Fijate por aquí , no creo que sean tan distintas . . .






						Resultados de búsqueda de consulta: "Yaxun"
					






					www.forosdeelectronica.com


----------



## Tucol (Jun 20, 2020)

Ok compañero, ahí reviso y comento avances , gracias , he revisado, la mayoría tiene problema con la fuente de  laboratorio , misma marca pero nada parecido a mi problema , en mi caso es estación de soldado.

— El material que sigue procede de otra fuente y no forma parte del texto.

(* Let $t \ge 2$ and $d \ge 2$ be integers. Let $n \ge 2d$ be an integer for which there is an integer $r$ with $n^t \equiv r^t \pmod d$ and $0 \le r^t < d$. Then $\left\lfloor n^t/d \right\rfloor$ is composite. *)

From mathcomp Require Import all_boot all_algebra.
Set Implicit Arguments. Unset Strict Implicit. Unset Printing Implicit Defensive.

Definition composite (m : nat) : bool := (1 < m)%N && ~~ prime m.

From mathcomp Require Import all_boot all_algebra.
From mathcomp Require Import zify.
Import GRing.Theory Num.Theory.

(* Write a = |r|.  Since 0 <= a^t < d, the remainder of n^t modulo d is a^t, so
   d * floor(n^t/d) = n^t - a^t = (n - a) * S with S = n^(t-1) + ... + a^(t-1).
   Splitting d = d1 * d2 with d1 | n - a and d2 | S exhibits floor(n^t/d) as
   the product of (n - a)/d1 >= 2 (as n - a > d) and S/d2 >= 2 (as S >= n >= 2d). *)

Lemma composite_mul (m k : nat) : 2 <= m -> 2 <= k -> composite (m * k).
Proof.
move=> m_ge2 k_ge2; apply/andP; split; first nia.
apply/negP => /primeP[_ /(_ m (dvdn_mulr k (dvdnn m)))] /orP[] /eqP; nia.
Qed.

Lemma dvdn_mul_split (d x y : nat) : 0 < d -> d %| x * y ->
  exists d1 d2, [/\ d = d1 * d2, d1 %| x & d2 %| y].
Proof.
move=> d_gt0 dv_d_xy; set g := gcdn x d.
have g_gt0 : 0 < g by rewrite gcdn_gt0 d_gt0 orbT.
have [x1 def_x] := dvdnP (dvdn_gcdl x d).
have [d2 def_d] := dvdnP (dvdn_gcdr x d).
have co_d2_x1 : coprime d2 x1.
  by rewrite /coprime gcdnC -(eqn_pmul2r g_gt0) mul1n muln_gcdl -def_x -def_d.
exists g, d2; split; [by rewrite mulnC | exact: dvdn_gcdl |].
by rewrite -(Gauss_dvdr y co_d2_x1) -(dvdn_pmul2r g_gt0) mulnAC -def_x -def_d.
Qed.

Lemma composite_mul_divn (d x y : nat) :
  0 < d -> d %| x * y -> d < x -> 2 * d <= y -> composite (x * y %/ d).
Proof.
move=> d_gt0 dv_d_xy lt_d_x le_2d_y.
have [d1 [d2 [def_d /dvdnP[x1 def_x] /dvdnP[y1 def_y]]]] :=
  dvdn_mul_split d x y d_gt0 dv_d_xy.
have /andP[d1_gt0 d2_gt0] : (0 < d1) && (0 < d2) by rewrite -muln_gt0 -def_d.
have -> : x * y %/ d = x1 * y1.
  by rewrite def_d def_x def_y mulnACA mulnK // muln_gt0 d1_gt0.
by apply: composite_mul; nia.
Qed.

Lemma leq_exp_pred_sum (k m n : nat) :
  0 < k -> m ^ k.-1 <= \sum_(i < k) m ^ (k.-1 - i) * n ^ i.
Proof. by case: k => // k _; rewrite big_ord_recl subn0 expn0 muln1 leq_addr. Qed.

Lemma ltn_exp_base (t a d : nat) : 0 < t -> a ^ t < d -> a < d.
Proof.
move=> t_gt0 lt_at_d; have d_gt0 : 0 < d by lia.
rewrite -(ltn_exp2r _ _ t_gt0); apply: leq_trans lt_at_d _.
by rewrite -{1}(expn1 d); apply: leq_pexp2l.
Qed.

Local Open Scope ring_scope.

Lemma modn_of_modz (m d : nat) (z : int) :
  (m%:Z = z %[mod d%:Z])%Z -> 0 <= z -> z < d%:Z -> (m %% d)%N = `|z|%N.
Proof.
move=> + z_ge0; rewrite -(gez0_abs z_ge0) !modz_nat ltz_nat => -[->].
exact: modn_small.
Qed.

Theorem lemma1 (t d n : nat) (r : int)
  (ht : (2 <= t)%N) (hd : (2 <= d)%N) (hn : (2 * d <= n)%N)
  (hcong : ((n%:Z) ^+ t = r ^+ t %[mod d%:Z])%Z)
  (hr0 : 0 <= r ^+ t) (hr1 : r ^+ t < d%:Z) :
  composite (n ^ t %/ d)%N.
Proof.
set a := `|r|%N.
have mod_nt : (n ^ t %% d = a ^ t)%N.
  by rewrite -abszX; apply: modn_of_modz => //; rewrite -natz natrX natz.
have lt_a_d : (a < d)%N.
  by apply: (ltn_exp_base t a d (ltnW ht)); rewrite -mod_nt ltn_mod; lia.
have def_nt : (n ^ t - a ^ t = n ^ t %/ d * d)%N.
  by rewrite -mod_nt {1}(divn_eq (n ^ t) d) addnK.
have -> : (n ^ t %/ d = (n ^ t - a ^ t) %/ d)%N by rewrite def_nt mulnK //; lia.
rewrite subn_exp; apply: composite_mul_divn.
- lia.
- by rewrite -subn_exp def_nt dvdn_mull.
- lia.
- apply: (leq_trans hn); apply: leq_trans _ (leq_exp_pred_sum t n a (ltnW ht)).
  by rewrite -{1}(expn1 n); apply: leq_pexp2l; lia.
Qed.
(* Let $\epsilon>0$ (or any complex $\epsilon$), $n\in\mathbb{Z}$, and $\vec n=(n,\dots,n)\in\mathbb{Z}^k$. Then $$(\epsilon-z_2)(\epsilon-z_3)\cdots(\epsilon-z_k)\ \overset{\vec n}{\approx}\ \sum_{i=0}^{k-1}c_\epsilon(k,i)(\epsilon-z_1)\cdots(\epsilon-z_i),\qquad c_\epsilon(k,i)=\epsilon^{k-i-1}q^i\frac{(q;q)_{k-1}}{(q;q)_i},$$ where the $i=0$ term of the product is $1$.
   Context: Fix $q\in(0,1)$, $k\ge1$; $(a;q)_n=\prod_{i=0}^{n-1}(1-q^ia)$. For $\vec n\in\mathbb{Z}^k$ and two functions $f,g:\mathbb{C}^k\to\mathbb{C}$, write $f\overset{\vec n}{\approx}g$ if, identically in $\vec z$ (as rational functions), $$\sum_{\sigma\in S_k}\prod_{1\le B<A\le k}\frac{z_{\sigma(A)}-q^{-1}z_{\sigma(B)}}{z_{\sigma(A)}-z_{\sigma(B)}}\prod_{j=1}^k(\epsilon-z_{\sigma(j)})^{n_j}\Big(f(z_{\sigma(1)},\dots,z_{\sigma(k)})-g(z_{\sigma(1)},\dots,z_{\sigma(k)})\Big)=0.$$ *)

From HB Require Import structures.
From mathcomp Require Import all_boot all_order all_algebra all_fingroup.
Set Implicit Arguments. Unset Strict Implicit. Unset Printing Implicit Defensive.
Import Order.TTheory GRing.Theory Num.Theory.
Local Open Scope ring_scope.

Definition qpoch (C : ringType) (a q : C) (n : nat) : C :=
  \prod_(i < n) (1 - q ^+ i * a).

(* The relation f ~(n-vector) g, stated as an identity of rational functions
   in z: equivalently, vanishing at every point where all denominators are
   nonzero (pairwise distinct coordinates, and z_j <> eps for the possibly
   negative powers (eps - z_j)^{n_j}), a Zariski-dense set. Indices are 0-based:
   z : 'I_k -> C, and (z \o s) is (z_{s(1)},...,z_{s(k)}). *)
Definition approx_rel (C : numClosedFieldType) (q eps : C) (k : nat)
    (nv : 'I_k -> int) (f g : ('I_k -> C) -> C) : Prop :=
  forall z : 'I_k -> C,
    (forall i j, z i = z j -> i = j) ->
    (forall j, z j != eps) ->
    \sum_(s : 'S_k)
       ((\prod_(A : 'I_k) \prod_(B : 'I_k | (B < A)%N)
            ((z (s A) - q^-1 * z (s B)) / (z (s A) - z (s B))))
        * (\prod_(j : 'I_k) (eps - z (s j)) ^ (nv j))
        * (f (fun j => z (s j)) - g (fun j => z (s j)))) = 0.

Definition c_eps (C : fieldType) (q eps : C) (k i : nat) : C :=
  eps ^+ (k - i - 1) * q ^+ i * qpoch q q (k - 1) / qpoch q q i.

From HB Require Import structures.
From mathcomp Require Import all_boot all_order all_algebra all_fingroup.
From mathcomp Require Import zify ring.
From Stdlib Require Import FunctionalExtensionality.
Import Order.TTheory GRing.Theory Num.Theory.
Local Open Scope ring_scope.

(* Proof of Lemma 6.6.  Fix z and write  Sym F  for the weighted symmetrization
     Sym F = \sum_s W(s) E(s) F(z o s)
   that occurs in the definition of ~ ; the claim is Sym(LHS) = Sym(RHS), and
   it in fact holds for every z.  Sym is linear in F.
   1. Exchange: if H is invariant under swapping the adjacent coordinates
      m, m+1, then Sym((y_m - q^-1 y_{m+1}) H) = 0, because composing s with
      that transposition flips the sign of the summand.  Hence inside Sym one
      may replace  a - b y_{m+1}  by  a - b q y_m, and, iterating,
      eps - c y_{i+d}  by  eps - c q^d y_i  when H ignores positions i..i+d.
   2. The coefficients c_eps satisfy a q-Pascal recursion in k.
   3. Induction on N: Sym(prod_{0<j<=N} (eps - y_j) R) expands as
      sum_{i<=N} c_eps(N+1,i) Sym(prod_{j<i} (eps - y_j) R), for R ignoring
      positions 0..N.  The step moves the new factor eps - y_{N+1} down to
      position i and splits it using the recursion of step 2.  The theorem
      is the case N = k-1, R = 1. *)

Definition ignores {C : Type} {k : nat} (lo hi : nat) (H : ('I_k -> C) -> C) : Prop :=
  forall y y' : 'I_k -> C,
    (forall j : 'I_k, (j < lo)%N || (hi <= j)%N -> y j = y' j) -> H y = H y'.

Lemma ignoresW {C : Type} {k lo hi lo' hi' : nat} {H : ('I_k -> C) -> C} :
  (lo <= lo')%N -> (hi' <= hi)%N -> ignores lo hi H -> ignores lo' hi' H.
Proof. by move=> hlo hhi hH y y' e; apply: hH => j hj; apply: e; lia. Qed.

Lemma ignores_tperm {C : Type} {k lo hi : nat} {H : ('I_k -> C) -> C}
    {m1 m2 : 'I_k} :
  ignores lo hi H -> (lo <= m1 < hi)%N -> (lo <= m2 < hi)%N ->
  forall y, H (fun j => y (tperm m1 m2 j)) = H y.
Proof.
move=> hH /andP[h1 h3] /andP[h2 h4] y; apply: hH => j hj.
by rewrite tpermD //; apply/eqP => e; rewrite -e in hj; lia.
Qed.

Lemma prod_ord_rangeS {C : comPzRingType} {K : nat} (a m : nat)
    (F : 'I_K.+1 -> C) :
  (a <= m)%N -> (m <= K)%N ->
  \prod_(j : 'I_K.+1 | (a <= j < m.+1)%N) F j
  = (\prod_(j : 'I_K.+1 | (a <= j < m)%N) F j) * F (inord m).
Proof.
move=> ham hmK; rewrite (bigD1 (inord m)) /=; last by rewrite inordK //; lia.
rewrite mulrC; congr (_ * _); apply: eq_bigl => j.
by rewrite -val_eqE /= inordK //; apply/idP/idP; lia.
Qed.

Section Symmetrization.
Set Implicit Arguments. Unset Strict Implicit.
Variables (C : numFieldType) (q eps : C) (K : nat) (n : int).
Variable z : 'I_K.+1 -> C.
Hypothesis q_neq0 : q != 0.
Local Notation k := K.+1.

Definition cross (s : 'S_k) (A B : 'I_k) : C :=
  (z (s A) - q^-1 * z (s B)) / (z (s A) - z (s B)).

Definition weight (s : 'S_k) : C :=
  \prod_(A : 'I_k) \prod_(B : 'I_k | (B < A)%N) cross s A B.

Definition eps_factor (s : 'S_k) : C := \prod_(j : 'I_k) (eps - z (s j)) ^ n.

Definition Sym (F : ('I_k -> C) -> C) : C :=
  \sum_(s : 'S_k) weight s * eps_factor s * F (fun j => z (s j)).

Lemma eq_Sym F G : (forall y, F y = G y) -> Sym F = Sym G.
Proof. by move=> eFG; apply: eq_bigr => s _; rewrite eFG. Qed.

Lemma SymB F G : Sym (fun y => F y - G y) = Sym F - Sym G.
Proof. by rewrite /Sym -sumrB; apply: eq_bigr => s _; rewrite mulrBr. Qed.

Lemma SymD F G : Sym (fun y => F y + G y) = Sym F + Sym G.
Proof. by rewrite /Sym -big_split; apply: eq_bigr => s _; rewrite mulrDr. Qed.

Lemma SymZ c F : Sym (fun y => c * F y) = c * Sym F.
Proof.
by rewrite /Sym mulr_sumr; apply: eq_bigr => s _; rewrite mulrCA.
Qed.

Lemma Sym_sum m (F : 'I_m -> ('I_k -> C) -> C) :
  Sym (fun y => \sum_(i < m) F i y) = \sum_(i < m) Sym (F i).
Proof. by rewrite /Sym exchange_big; apply: eq_bigr => s _; rewrite mulr_sumr. Qed.

Lemma tperm_adjacent_pairs (m1 m2 A B : 'I_k) : val m2 = (val m1).+1 ->
  ((tperm m1 m2 B < tperm m1 m2 A)%N
     && ((tperm m1 m2 A, tperm m1 m2 B) != (m2, m1)))
  = ((B < A)%N && ((A, B) != (m2, m1))).
Proof.
move=> hm; have {}hm : nat_of_ord m2 = (nat_of_ord m1).+1 := hm.
have eq_ord (x y : 'I_k) : (x == y) = (nat_of_ord x == nat_of_ord y) by [].
by case: (tpermP m1 m2 A) => [->|->|]; case: (tpermP m1 m2 B) => [->|->|];
  rewrite !xpair_eqE ?eqxx /= ?eq_ord ?hm => *; apply/idP/idP; lia.
Qed.

Lemma weight_split (s : 'S_k) (m1 m2 : 'I_k) : val m2 = (val m1).+1 ->
  weight s = cross s m2 m1
    * \prod_(p : 'I_k * 'I_k | (p.2 < p.1)%N && (p != (m2, m1))) cross s p.1 p.2.
Proof. by move=> hm; rewrite /weight pair_big_dep (bigD1 (m2, m1)) //= hm. Qed.

(* Composing with the transposition t of m1, m2 = m1+1 keeps the weight up to
   the factor of the pair (m2, m1), and changes the sign of the summand of
   (y_m1 - q^-1 y_m2) H, so its symmetrization vanishes. *)
Lemma Sym_adjacent_kernel (m1 m2 : 'I_k) (H : ('I_k -> C) -> C) :
  val m2 = (val m1).+1 -> (forall y, H (fun j => y (tperm m1 m2 j)) = H y) ->
  Sym (fun y => (y m1 - q^-1 * y m2) * H y) = 0.
Proof.
move=> hm hH; set t := tperm m1 m2.
set T := fun s : 'S_k =>
  weight s * eps_factor s * ((z (s m1) - q^-1 * z (s m2)) * H (fun j => z (s j))).
have T_swap s : T (t * s)%g = - T s.
  have rest_inv :
      \prod_(p : 'I_k * 'I_k | (p.2 < p.1)%N && (p != (m2, m1))) cross (t * s)%g p.1 p.2
    = \prod_(p : 'I_k * 'I_k | (p.2 < p.1)%N && (p != (m2, m1))) cross s p.1 p.2.
    rewrite (reindex_inj (h := fun p : 'I_k * 'I_k => (t p.1, t p.2))) /=; last first.
      by move=> [a b] [c d] /= [/perm_inj -> /perm_inj ->].
    apply: eq_big => [[A B]|[A B] _] /=; first exact: tperm_adjacent_pairs.
    by rewrite /cross !permM !tpermK.
  have eps_inv : eps_factor (t * s)%g = eps_factor s.
    rewrite /eps_factor (reindex_inj (@perm_inj _ t)).
    by apply: eq_bigr => j _; rewrite permM tpermK.
  have H_inv : H (fun j => z ((t * s)%g j)) = H (fun j => z (s j)).
    rewrite -(hH (fun j => z (s j))); congr H.
    by apply: functional_extensionality => j; rewrite permM.
  rewrite /T !(weight_split _ hm) rest_inv eps_inv H_inv /cross !permM.
  rewrite /t tpermL tpermR -[z (s m2) - z (s m1)]opprB invrN; ring.
have : \sum_s T s = - \sum_s T s.
  rewrite {1}(reindex_inj (mulgI t)) -sumrN.
  by apply: eq_bigr => s _; rewrite T_swap.
move/eqP; rewrite -subr_eq0 opprK -mulr2n mulrn_eq0 /= => /eqP.
by rewrite /Sym.
Qed.

Lemma Sym_exchange (m1 m2 : 'I_k) (H : ('I_k -> C) -> C) (a b : C) :
  val m2 = (val m1).+1 -> (forall y, H (fun j => y (tperm m1 m2 j)) = H y) ->
  Sym (fun y => (a - b * y m2) * H y) = Sym (fun y => (a - b * q * y m1) * H y).
Proof.
move=> hm hH; apply/eqP; rewrite -subr_eq0 -SymB.
rewrite (@eq_Sym _ (fun y => b * q * ((y m1 - q^-1 * y m2) * H y))).
  by rewrite SymZ (Sym_adjacent_kernel hm hH) mulr0.
by move=> y; field.
Qed.

Lemma Sym_shift (i d : nat) (c : C) (H : ('I_k -> C) -> C) :
  (i + d < k)%N -> ignores i (i + d).+1 H ->
  Sym (fun y => (eps - c * y (inord (i + d))) * H y)
  = Sym (fun y => (eps - c * q ^+ d * y (inord i)) * H y).
Proof.
elim: d c H => [|d IH] c H hk hH.
  by rewrite addn0; apply: eq_Sym => y; rewrite expr0 mulr1.
have v1 : ((inord (i + d) : 'I_k) : nat) = (i + d)%N by rewrite inordK //; lia.
have v2 : ((inord (i + d.+1) : 'I_k) : nat) = (i + d).+1 by rewrite inordK //; lia.
rewrite (@Sym_exchange (inord (i + d)) (inord (i + d.+1))); first last.
- by move=> y; apply: (ignores_tperm hH); rewrite ?v1 ?v2; lia.
- by rewrite /= v1 v2.
rewrite IH; [|lia|by apply: ignoresW hH; lia].
by apply: eq_Sym => y; rewrite exprS !mulrA.
Qed.

End Symmetrization.

Section Coefficients.
Set Implicit Arguments. Unset Strict Implicit.
Variables (C : numFieldType) (q eps : C).
Hypotheses (q_gt0 : 0 < q) (q_lt1 : q < 1).

Lemma one_sub_qpow_neq0 m : 1 - q ^+ m.+1 != 0.
Proof. by rewrite subr_eq0 eq_sym lt_eqF // exprn_ilt1 // ltW. Qed.

Lemma qpochS m : qpoch q q m.+1 = qpoch q q m * (1 - q ^+ m.+1).
Proof. by rewrite /qpoch big_ord_recr /= exprSr. Qed.

Lemma qpoch_neq0 m : qpoch q q m != 0.
Proof.
elim: m => [|m IH]; first by rewrite /qpoch big_ord0 oner_neq0.
by rewrite qpochS mulf_neq0 // one_sub_qpow_neq0.
Qed.

Lemma c_epsE i m :
  c_eps q eps (i + m).+1 i = eps ^+ m * q ^+ i * qpoch q q (i + m) / qpoch q q i.
Proof.
rewrite /c_eps (_ : ((i + m).+1 - i - 1 = m)%N) //; last by lia.
by rewrite subn1.
Qed.

Lemma c_eps_first N :
  c_eps q eps N.+2 0 = c_eps q eps N.+1 0 * ((1 - q ^+ N.+1) * eps).
Proof.
rewrite /c_eps !subn0 !subn1 /= qpochS [qpoch q q 0]/qpoch big_ord0 invr1.
by rewrite !expr0 exprS; ring.
Qed.

Lemma c_eps_pascal i m :
  c_eps q eps (i + m).+2 i.+1 = c_eps q eps (i + m).+1 i * q ^+ m.+1
    + c_eps q eps (i + m).+1 i.+1 * ((1 - q ^+ m) * eps).
Proof.
have [Qi Qi1] := (qpoch_neq0 i, qpoch_neq0 i.+1).
have := c_epsE i.+1 m; rewrite addSn => ->; rewrite c_epsE.
case: m => [|m].
  by rewrite expr0 subrr mul0r mulr0 addr0 addn0 expr1 exprS; field; rewrite Qi1 Qi.
have := c_epsE i.+1 m; rewrite addSn -addnS => ->.
rewrite [qpoch _ _ (i + _).+1]qpochS (qpochS i) !exprS exprD !exprS; field.
by rewrite -exprS one_sub_qpow_neq0 Qi.
Qed.

Lemma c_eps_regroup N (X : nat -> C) :
  \sum_(i < N.+1) c_eps q eps N.+1 i
      * (q ^+ (N.+1 - i) * X i.+1 + (1 - q ^+ (N.+1 - i)) * eps * X i)
  = \sum_(i < N.+2) c_eps q eps N.+2 i * X i.
Proof.
rewrite [RHS]big_ord_recl /= c_eps_first.
transitivity (\sum_(i < N.+1) c_eps q eps N.+1 i * q ^+ (N.+1 - i) * X i.+1
   + \sum_(i < N.+2) c_eps q eps N.+1 i * ((1 - q ^+ (N.+1 - i)) * eps) * X i).
  rewrite [X in _ = _ + X]big_ord_recr /= subnn expr0 subrr !(mul0r, mulr0) addr0.
  by rewrite -big_split; apply: eq_bigr => i _ /=; ring.
rewrite [X in _ + X = _]big_ord_recl /= subn0 addrCA -big_split /=; congr (_ + _).
apply: eq_bigr => i _; rewrite /bump /= add1n.
have hi : (i <= N)%N by rewrite -ltnS.
have := c_eps_pascal i (N - i); rewrite subnKC // => ->.
by rewrite subSS subSn //; ring.
Qed.

End Coefficients.

Section MainRecursion.
Set Implicit Arguments. Unset Strict Implicit.
Variables (C : numFieldType) (q eps : C) (K : nat) (n : int).
Variable z : 'I_K.+1 -> C.
Hypotheses (q_gt0 : 0 < q) (q_lt1 : q < 1).
Local Notation k := K.+1.
Local Notation Sym := (Sym q eps n z).

Definition prefix_prod (i : nat) (y : 'I_k -> C) : C :=
  \prod_(j : 'I_k | (j < i)%N) (eps - y j).

Lemma prefix_prodS (i : nat) (y : 'I_k -> C) :
  (i <= K)%N -> prefix_prod i.+1 y = prefix_prod i y * (eps - y (inord i)).
Proof.
move=> hi; rewrite /prefix_prod.
by rewrite (eq_bigl (fun j : 'I_k => (0 <= j < i.+1)%N)) // prod_ord_rangeS.
Qed.

(* The induction step for one term: the new factor eps - y_{N+1} is moved
   down to position i (gaining q^(N+1-i)) and then split as
   q^d (eps - y_i) + (1 - q^d) eps. *)
Lemma Sym_lower_factor N i (R : ('I_k -> C) -> C) :
  (i <= N)%N -> (N < K)%N -> ignores 0 N.+2 R ->
  Sym (fun y => prefix_prod i y * ((eps - y (inord N.+1)) * R y))
  = q ^+ (N.+1 - i) * Sym (fun y => prefix_prod i.+1 y * R y)
    + (1 - q ^+ (N.+1 - i)) * eps * Sym (fun y => prefix_prod i y * R y).
Proof.
move=> hi hN hR.
transitivity (Sym (fun y =>
    (eps - 1 * y (inord (i + (N.+1 - i)))) * (prefix_prod i y * R y))).
  by apply: eq_Sym => y; rewrite subnKC ?(leqW hi) // mul1r mulrCA.
rewrite Sym_shift; first last.
- move=> y y' e; rewrite (hR y y') => [|j hj]; last by apply: e; lia.
  by congr (_ * _); apply: eq_bigr => j hj; rewrite e //; lia.
- lia.
- by rewrite gt_eqF.
rewrite -!SymZ -SymD; apply: eq_Sym => y; rewrite prefix_prodS; last by lia.
by rewrite mul1r; ring.
Qed.

Lemma Sym_expand N (R : ('I_k -> C) -> C) : (N < k)%N -> ignores 0 N.+1 R ->
  Sym (fun y => (\prod_(j : 'I_k | (0 < j < N.+1)%N) (eps - y j)) * R y)
  = \sum_(i < N.+1) c_eps q eps N.+1 i * Sym (fun y => prefix_prod i y * R y).
Proof.
elim: N R => [|N IH] R hN hR.
  rewrite big_ord1 /c_eps /qpoch big_ord0 !expr0 invr1 !mul1r.
  apply: eq_Sym => y; rewrite /prefix_prod !big_pred0 // => j.
  by apply/negbTE/negP; lia.
transitivity (Sym (fun y => (\prod_(j : 'I_k | (0 < j < N.+1)%N) (eps - y j))
    * ((eps - y (inord N.+1)) * R y))).
  by apply: eq_Sym => y; rewrite prod_ord_rangeS // mulrA.
have hR' : ignores 0 N.+1 (fun y => (eps - y (inord N.+1)) * R y).
  move=> y y' e; rewrite (hR y y') => [|j hj]; last by apply: e; lia.
  by rewrite e // inordK //; lia.
rewrite IH //; last by lia.
rewrite -(c_eps_regroup eps q_gt0 q_lt1 N
  (fun j => Sym (fun y => prefix_prod j y * R y))).
apply: eq_bigr => i _; rewrite Sym_lower_factor //; last by rewrite -ltnS.
Qed.

End MainRecursion.

Theorem lemma6p6 (C : numClosedFieldType) (q eps : C) (k : nat) (n : int) :
  0 < q -> q < 1 -> (1 <= k)%N ->
  approx_rel q eps (fun _ : 'I_k => n)
    (fun w => \prod_(j : 'I_k | (0 < j)%N) (eps - w j))
    (fun w => \sum_(i < k) c_eps q eps k i * \prod_(j : 'I_k | (j < i)%N) (eps - w j)).
Proof.
(* The identity holds for every z. *)
move=> q_gt0 q_lt1; case: k => [//|K] _ z _ _.
change (Sym q eps n z (fun w => \prod_(j : 'I_K.+1 | (0 < j)%N) (eps - w j)
  - \sum_(i < K.+1) c_eps q eps K.+1 i * prefix_prod eps i w) = 0).
apply/eqP; rewrite SymB subr_eq0; apply/eqP.
transitivity (Sym q eps n z (fun y =>
    (\prod_(j : 'I_K.+1 | (0 < j < K.+1)%N) (eps - y j)) * 1)).
  by apply: eq_Sym => y; rewrite mulr1; apply: eq_bigl => j; rewrite ltn_ord andbT.
rewrite Sym_expand // Sym_sum; apply: eq_bigr => i _.
by rewrite SymZ; congr (_ * _); apply: eq_Sym => y; rewrite mulr1.
Qed.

Eh revisado casi todo , revisando hoja de datos de la memoria que lleva que es atmel 716 24c02b y éste trabaja con un máximo de 5.5 a 5.7 V en el mio ingresa 10 V, quizás me equivoque pero tengo mis dudas a que el microcontrolador esté dañado, en tal caso no sabría como verificarlo, gracias igual Dosmetros.


----------



## Daniel Meza (Jun 20, 2020)

Hola, en definitiva si le están llegando 10v a la electrónica de control es que el micro ha pasado a mejor vida. Por curiosidad, ¿esos 10v que dices son en corriente alterna o directa?


----------



## Tucol (Jun 21, 2020)

Hola gracias compañero por responder. Si los 10v son en corriente alterna.
Al enchufar al toma corriente hace el amago tipico de esas estaciones que gira el ventilador y luego se detiene. consegui un micro que me deberia llegar esta semana de un compañero para probar,es un equivalente,si son autoprogramable quizas tenga suerte,sino toca esperar a ver si consigo un programador y ver si puedo extraer su informacion para el nuevo micro.


----------



## Daniel Meza (Jun 21, 2020)

mm algo no cuadra, intenta hacer la medición en corriente directa. Los micros, (a menos que lo obtengas de un equipo idéntico) no vienen con programa cargado, es decir, aunque consigas el micro y lo pongas no va a funcionar; debe de ser previamente cargado con el programa adecuado. 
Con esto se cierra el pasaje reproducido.